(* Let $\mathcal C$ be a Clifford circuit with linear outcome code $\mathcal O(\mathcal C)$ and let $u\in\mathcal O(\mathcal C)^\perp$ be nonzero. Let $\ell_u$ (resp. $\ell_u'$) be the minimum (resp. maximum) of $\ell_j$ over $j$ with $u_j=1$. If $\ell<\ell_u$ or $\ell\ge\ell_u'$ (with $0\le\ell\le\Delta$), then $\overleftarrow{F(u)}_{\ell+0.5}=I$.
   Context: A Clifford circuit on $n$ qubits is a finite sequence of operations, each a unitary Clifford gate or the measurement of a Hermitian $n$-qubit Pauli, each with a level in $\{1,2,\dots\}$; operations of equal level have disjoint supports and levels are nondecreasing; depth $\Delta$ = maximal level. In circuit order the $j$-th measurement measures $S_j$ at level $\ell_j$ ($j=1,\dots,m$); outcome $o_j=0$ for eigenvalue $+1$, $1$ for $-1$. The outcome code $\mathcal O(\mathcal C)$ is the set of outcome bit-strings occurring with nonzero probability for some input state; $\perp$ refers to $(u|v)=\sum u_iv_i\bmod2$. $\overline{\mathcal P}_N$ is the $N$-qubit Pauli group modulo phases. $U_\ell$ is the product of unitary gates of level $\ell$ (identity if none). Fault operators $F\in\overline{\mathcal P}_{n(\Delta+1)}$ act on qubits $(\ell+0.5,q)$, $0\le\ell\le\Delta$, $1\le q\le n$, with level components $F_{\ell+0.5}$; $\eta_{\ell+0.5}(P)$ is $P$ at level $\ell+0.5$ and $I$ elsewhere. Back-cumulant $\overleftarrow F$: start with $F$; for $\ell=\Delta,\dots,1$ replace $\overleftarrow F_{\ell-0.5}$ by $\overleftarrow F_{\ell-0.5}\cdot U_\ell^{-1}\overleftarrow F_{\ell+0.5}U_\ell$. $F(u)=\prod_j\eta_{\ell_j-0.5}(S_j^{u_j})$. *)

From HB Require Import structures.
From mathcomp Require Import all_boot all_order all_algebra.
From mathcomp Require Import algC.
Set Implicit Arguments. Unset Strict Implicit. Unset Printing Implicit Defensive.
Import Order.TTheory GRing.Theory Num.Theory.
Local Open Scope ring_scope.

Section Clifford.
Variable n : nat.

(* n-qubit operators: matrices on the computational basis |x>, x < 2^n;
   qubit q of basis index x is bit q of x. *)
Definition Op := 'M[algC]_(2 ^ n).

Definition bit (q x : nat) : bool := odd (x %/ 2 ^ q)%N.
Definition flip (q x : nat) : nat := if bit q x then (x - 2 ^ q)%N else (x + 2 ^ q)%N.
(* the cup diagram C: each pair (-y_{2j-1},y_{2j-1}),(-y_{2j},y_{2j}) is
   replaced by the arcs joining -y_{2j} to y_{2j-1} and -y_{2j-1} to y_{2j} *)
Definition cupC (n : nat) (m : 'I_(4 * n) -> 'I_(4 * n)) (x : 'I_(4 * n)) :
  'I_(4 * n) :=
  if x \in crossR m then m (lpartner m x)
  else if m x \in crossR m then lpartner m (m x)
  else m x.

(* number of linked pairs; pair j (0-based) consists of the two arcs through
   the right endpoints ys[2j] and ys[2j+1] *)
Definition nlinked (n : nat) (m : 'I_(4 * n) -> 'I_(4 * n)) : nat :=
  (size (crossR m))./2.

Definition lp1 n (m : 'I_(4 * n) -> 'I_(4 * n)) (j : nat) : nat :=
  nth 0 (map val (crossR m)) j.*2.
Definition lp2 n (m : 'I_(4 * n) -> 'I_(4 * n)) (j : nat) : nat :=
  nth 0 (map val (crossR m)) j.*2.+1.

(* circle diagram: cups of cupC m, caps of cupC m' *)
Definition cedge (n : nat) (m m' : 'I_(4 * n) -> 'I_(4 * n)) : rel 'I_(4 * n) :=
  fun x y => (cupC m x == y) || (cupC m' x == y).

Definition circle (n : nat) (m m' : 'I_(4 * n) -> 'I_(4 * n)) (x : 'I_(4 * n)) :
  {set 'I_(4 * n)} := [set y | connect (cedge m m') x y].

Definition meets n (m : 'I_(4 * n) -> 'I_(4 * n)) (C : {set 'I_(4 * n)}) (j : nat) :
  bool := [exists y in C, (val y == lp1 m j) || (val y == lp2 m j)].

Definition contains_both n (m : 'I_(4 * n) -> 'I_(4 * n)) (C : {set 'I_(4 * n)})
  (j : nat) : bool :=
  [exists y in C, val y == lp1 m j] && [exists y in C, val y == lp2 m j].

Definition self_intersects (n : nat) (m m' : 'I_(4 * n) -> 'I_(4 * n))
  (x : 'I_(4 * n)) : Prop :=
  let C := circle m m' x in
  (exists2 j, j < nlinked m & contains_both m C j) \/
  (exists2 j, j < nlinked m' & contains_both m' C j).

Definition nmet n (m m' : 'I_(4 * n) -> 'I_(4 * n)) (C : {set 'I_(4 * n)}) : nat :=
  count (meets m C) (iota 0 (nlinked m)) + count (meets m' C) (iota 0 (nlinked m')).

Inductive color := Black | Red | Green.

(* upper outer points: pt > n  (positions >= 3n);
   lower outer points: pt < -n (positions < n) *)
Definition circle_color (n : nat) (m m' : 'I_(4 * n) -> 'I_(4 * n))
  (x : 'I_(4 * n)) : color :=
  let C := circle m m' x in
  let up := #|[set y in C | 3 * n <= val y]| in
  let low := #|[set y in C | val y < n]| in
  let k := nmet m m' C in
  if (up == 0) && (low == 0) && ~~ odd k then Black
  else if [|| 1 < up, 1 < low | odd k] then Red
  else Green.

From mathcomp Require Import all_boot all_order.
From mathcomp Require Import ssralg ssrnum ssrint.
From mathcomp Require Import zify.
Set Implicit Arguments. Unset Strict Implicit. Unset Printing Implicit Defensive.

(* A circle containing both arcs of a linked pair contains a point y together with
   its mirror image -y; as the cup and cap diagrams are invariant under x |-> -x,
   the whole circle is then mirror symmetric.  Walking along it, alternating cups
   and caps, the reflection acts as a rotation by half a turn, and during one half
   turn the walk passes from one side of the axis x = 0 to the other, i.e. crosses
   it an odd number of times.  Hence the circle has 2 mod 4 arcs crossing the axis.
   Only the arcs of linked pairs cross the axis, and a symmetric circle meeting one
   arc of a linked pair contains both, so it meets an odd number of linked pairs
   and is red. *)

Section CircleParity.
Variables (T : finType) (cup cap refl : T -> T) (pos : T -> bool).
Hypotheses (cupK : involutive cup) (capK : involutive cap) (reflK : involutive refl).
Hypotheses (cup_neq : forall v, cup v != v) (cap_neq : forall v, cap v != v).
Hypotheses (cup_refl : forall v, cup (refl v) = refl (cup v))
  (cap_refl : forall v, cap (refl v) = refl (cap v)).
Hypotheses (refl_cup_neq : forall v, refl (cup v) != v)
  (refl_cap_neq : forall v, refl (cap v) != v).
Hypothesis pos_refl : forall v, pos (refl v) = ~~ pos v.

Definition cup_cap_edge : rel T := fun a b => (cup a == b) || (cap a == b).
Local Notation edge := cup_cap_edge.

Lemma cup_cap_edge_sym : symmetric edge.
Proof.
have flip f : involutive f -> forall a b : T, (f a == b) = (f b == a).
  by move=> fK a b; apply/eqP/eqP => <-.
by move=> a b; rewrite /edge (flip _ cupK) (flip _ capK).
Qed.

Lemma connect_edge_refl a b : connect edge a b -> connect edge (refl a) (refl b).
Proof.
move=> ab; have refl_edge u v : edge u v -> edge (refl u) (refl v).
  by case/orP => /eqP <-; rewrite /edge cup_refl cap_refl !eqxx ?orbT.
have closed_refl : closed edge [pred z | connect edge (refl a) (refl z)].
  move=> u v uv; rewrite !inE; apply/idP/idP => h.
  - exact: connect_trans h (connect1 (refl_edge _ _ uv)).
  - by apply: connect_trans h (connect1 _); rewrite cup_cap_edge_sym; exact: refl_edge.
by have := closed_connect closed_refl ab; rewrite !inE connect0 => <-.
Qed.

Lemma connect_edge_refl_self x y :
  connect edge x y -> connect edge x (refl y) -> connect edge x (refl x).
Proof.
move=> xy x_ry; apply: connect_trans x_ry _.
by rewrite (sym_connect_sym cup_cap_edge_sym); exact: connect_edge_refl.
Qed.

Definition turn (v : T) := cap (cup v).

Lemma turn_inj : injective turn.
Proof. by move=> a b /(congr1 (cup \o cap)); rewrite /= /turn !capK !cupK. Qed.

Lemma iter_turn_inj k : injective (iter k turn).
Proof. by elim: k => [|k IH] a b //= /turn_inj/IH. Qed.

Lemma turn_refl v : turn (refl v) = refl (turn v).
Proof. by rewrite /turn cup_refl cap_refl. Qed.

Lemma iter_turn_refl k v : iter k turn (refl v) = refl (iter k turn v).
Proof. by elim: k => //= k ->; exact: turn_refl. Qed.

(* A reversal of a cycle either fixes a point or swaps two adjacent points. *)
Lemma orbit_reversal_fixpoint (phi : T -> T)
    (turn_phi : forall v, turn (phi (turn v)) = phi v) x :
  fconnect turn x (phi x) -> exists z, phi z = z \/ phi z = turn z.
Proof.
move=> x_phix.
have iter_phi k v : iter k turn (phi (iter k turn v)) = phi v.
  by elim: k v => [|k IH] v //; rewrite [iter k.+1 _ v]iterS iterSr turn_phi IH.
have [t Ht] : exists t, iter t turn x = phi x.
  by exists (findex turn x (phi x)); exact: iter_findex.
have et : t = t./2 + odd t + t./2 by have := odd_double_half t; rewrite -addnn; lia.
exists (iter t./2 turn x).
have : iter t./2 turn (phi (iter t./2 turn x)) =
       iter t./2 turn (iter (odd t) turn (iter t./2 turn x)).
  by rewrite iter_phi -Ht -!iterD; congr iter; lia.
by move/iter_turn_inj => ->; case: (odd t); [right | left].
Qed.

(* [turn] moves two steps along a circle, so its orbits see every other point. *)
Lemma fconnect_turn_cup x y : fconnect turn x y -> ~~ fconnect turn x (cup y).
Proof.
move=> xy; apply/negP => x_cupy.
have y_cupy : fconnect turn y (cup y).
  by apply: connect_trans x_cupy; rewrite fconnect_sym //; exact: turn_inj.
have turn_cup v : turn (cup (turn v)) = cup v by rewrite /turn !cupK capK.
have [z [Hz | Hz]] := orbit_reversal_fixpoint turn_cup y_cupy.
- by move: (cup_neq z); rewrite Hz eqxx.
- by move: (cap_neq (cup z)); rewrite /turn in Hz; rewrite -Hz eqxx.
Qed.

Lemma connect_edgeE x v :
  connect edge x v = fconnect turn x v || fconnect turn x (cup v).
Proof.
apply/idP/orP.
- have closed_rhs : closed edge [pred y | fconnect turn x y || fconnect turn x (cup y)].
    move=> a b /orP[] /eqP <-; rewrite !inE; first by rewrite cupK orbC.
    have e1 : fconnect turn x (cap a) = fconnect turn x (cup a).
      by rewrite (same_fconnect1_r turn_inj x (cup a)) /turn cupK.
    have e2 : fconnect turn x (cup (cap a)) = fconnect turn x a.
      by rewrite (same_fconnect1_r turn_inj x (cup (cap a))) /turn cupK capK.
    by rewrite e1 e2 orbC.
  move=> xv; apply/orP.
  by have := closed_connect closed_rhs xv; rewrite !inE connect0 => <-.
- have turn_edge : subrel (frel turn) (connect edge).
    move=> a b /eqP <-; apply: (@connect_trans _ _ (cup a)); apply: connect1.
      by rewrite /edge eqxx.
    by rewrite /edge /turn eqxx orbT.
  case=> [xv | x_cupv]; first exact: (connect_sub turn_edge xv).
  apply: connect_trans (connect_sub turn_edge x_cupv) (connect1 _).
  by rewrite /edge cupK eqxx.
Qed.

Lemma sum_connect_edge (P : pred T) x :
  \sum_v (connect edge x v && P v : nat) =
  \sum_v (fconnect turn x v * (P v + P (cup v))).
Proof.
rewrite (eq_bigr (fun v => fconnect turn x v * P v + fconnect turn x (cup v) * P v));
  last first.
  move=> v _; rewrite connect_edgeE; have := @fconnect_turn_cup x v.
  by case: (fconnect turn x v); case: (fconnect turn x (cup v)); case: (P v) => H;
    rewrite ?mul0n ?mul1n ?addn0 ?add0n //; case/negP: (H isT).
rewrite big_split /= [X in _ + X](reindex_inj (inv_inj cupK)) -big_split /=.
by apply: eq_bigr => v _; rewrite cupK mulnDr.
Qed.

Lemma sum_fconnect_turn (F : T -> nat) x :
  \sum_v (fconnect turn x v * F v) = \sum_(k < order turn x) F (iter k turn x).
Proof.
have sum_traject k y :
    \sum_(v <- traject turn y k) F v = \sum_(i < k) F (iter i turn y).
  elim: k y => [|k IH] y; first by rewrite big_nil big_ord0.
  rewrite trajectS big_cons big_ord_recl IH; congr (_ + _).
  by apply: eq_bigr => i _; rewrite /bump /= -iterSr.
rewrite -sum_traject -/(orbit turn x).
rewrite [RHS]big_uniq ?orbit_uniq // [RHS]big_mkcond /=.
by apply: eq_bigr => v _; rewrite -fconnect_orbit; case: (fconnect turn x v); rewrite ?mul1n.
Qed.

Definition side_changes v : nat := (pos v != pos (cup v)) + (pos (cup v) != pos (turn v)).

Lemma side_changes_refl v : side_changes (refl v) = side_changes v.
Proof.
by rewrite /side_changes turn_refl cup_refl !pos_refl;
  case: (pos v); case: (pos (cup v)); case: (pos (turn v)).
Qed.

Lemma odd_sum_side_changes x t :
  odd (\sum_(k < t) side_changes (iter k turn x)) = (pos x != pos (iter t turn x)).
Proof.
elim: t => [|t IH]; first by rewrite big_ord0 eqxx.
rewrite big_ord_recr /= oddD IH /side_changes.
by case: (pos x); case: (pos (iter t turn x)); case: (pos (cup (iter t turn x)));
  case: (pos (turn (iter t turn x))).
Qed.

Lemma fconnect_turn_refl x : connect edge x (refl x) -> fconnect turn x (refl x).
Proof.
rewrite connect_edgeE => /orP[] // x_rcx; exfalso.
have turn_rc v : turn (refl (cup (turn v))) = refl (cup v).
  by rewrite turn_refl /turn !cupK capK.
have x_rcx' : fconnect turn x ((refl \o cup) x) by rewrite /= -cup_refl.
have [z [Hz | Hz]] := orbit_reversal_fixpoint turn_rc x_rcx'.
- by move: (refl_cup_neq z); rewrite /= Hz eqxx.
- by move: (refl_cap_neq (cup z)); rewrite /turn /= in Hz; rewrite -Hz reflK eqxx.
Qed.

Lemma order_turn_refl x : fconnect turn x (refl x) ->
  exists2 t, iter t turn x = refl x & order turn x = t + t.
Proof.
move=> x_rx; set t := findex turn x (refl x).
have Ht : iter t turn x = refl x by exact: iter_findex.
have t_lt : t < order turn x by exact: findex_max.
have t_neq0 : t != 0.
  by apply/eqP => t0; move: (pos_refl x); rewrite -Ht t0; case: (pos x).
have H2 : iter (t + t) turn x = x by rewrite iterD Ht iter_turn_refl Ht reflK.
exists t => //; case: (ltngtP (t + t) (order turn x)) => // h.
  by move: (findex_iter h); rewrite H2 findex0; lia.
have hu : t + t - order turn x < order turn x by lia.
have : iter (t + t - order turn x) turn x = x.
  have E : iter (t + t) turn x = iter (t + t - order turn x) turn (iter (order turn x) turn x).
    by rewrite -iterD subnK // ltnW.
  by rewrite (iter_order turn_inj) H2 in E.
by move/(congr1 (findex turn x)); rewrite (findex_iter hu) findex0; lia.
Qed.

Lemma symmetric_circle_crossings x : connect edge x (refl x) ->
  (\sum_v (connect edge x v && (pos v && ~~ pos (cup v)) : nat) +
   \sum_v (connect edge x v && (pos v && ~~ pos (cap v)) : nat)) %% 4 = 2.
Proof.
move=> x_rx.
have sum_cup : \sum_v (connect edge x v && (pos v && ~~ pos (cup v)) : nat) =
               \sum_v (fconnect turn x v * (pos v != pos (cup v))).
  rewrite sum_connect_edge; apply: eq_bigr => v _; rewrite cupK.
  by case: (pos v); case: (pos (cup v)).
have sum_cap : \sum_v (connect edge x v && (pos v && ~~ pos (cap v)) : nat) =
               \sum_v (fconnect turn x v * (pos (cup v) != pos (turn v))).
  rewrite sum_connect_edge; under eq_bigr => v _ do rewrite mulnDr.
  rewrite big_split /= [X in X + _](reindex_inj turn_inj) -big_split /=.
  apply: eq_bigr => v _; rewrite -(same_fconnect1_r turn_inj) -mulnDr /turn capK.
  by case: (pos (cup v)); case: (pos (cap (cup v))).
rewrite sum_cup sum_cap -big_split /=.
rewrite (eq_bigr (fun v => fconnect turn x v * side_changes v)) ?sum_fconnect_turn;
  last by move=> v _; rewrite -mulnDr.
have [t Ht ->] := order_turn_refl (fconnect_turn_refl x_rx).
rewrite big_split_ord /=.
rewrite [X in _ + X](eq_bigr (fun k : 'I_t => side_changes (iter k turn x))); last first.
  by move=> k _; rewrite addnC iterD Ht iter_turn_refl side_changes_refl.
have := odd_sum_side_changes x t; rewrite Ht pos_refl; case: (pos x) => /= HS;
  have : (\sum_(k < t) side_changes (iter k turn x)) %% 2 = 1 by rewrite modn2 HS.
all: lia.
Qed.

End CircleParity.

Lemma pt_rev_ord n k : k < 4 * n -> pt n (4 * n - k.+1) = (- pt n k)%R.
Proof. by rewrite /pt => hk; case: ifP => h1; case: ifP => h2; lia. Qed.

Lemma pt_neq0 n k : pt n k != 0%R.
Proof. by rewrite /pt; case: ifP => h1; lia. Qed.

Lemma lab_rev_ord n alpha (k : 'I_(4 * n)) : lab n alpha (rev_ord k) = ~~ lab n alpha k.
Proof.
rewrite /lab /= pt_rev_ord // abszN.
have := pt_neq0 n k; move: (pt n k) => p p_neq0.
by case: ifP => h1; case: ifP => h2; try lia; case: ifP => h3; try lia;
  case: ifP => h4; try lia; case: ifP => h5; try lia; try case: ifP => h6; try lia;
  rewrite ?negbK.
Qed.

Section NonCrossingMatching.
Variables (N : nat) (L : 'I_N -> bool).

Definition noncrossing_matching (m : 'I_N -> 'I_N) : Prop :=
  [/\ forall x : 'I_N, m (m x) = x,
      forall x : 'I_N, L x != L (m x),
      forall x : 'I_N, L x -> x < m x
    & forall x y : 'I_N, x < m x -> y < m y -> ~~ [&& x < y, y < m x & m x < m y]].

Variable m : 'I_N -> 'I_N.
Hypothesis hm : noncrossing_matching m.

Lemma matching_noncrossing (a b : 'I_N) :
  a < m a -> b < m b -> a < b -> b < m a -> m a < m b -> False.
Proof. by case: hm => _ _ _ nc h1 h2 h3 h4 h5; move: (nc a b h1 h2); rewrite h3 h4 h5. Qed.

+++++

• [Task goal]:
Word for word, please print every line from the beginning of the records to the line bearing "From mathcomp Require Import algC.", counting both ends and stopping there.

• [Exercise output]:
(* Let $\mathcal C$ be a Clifford circuit with linear outcome code $\mathcal O(\mathcal C)$ and let $u\in\mathcal O(\mathcal C)^\perp$ be nonzero. Let $\ell_u$ (resp. $\ell_u'$) be the minimum (resp. maximum) of $\ell_j$ over $j$ with $u_j=1$. If $\ell<\ell_u$ or $\ell\ge\ell_u'$ (with $0\le\ell\le\Delta$), then $\overleftarrow{F(u)}_{\ell+0.5}=I$.
   Context: A Clifford circuit on $n$ qubits is a finite sequence of operations, each a unitary Clifford gate or the measurement of a Hermitian $n$-qubit Pauli, each with a level in $\{1,2,\dots\}$; operations of equal level have disjoint supports and levels are nondecreasing; depth $\Delta$ = maximal level. In circuit order the $j$-th measurement measures $S_j$ at level $\ell_j$ ($j=1,\dots,m$); outcome $o_j=0$ for eigenvalue $+1$, $1$ for $-1$. The outcome code $\mathcal O(\mathcal C)$ is the set of outcome bit-strings occurring with nonzero probability for some input state; $\perp$ refers to $(u|v)=\sum u_iv_i\bmod2$. $\overline{\mathcal P}_N$ is the $N$-qubit Pauli group modulo phases. $U_\ell$ is the product of unitary gates of level $\ell$ (identity if none). Fault operators $F\in\overline{\mathcal P}_{n(\Delta+1)}$ act on qubits $(\ell+0.5,q)$, $0\le\ell\le\Delta$, $1\le q\le n$, with level components $F_{\ell+0.5}$; $\eta_{\ell+0.5}(P)$ is $P$ at level $\ell+0.5$ and $I$ elsewhere. Back-cumulant $\overleftarrow F$: start with $F$; for $\ell=\Delta,\dots,1$ replace $\overleftarrow F_{\ell-0.5}$ by $\overleftarrow F_{\ell-0.5}\cdot U_\ell^{-1}\overleftarrow F_{\ell+0.5}U_\ell$. $F(u)=\prod_j\eta_{\ell_j-0.5}(S_j^{u_j})$. *)

From HB Require Import structures.
From mathcomp Require Import all_boot all_order all_algebra.
From mathcomp Require Import algC.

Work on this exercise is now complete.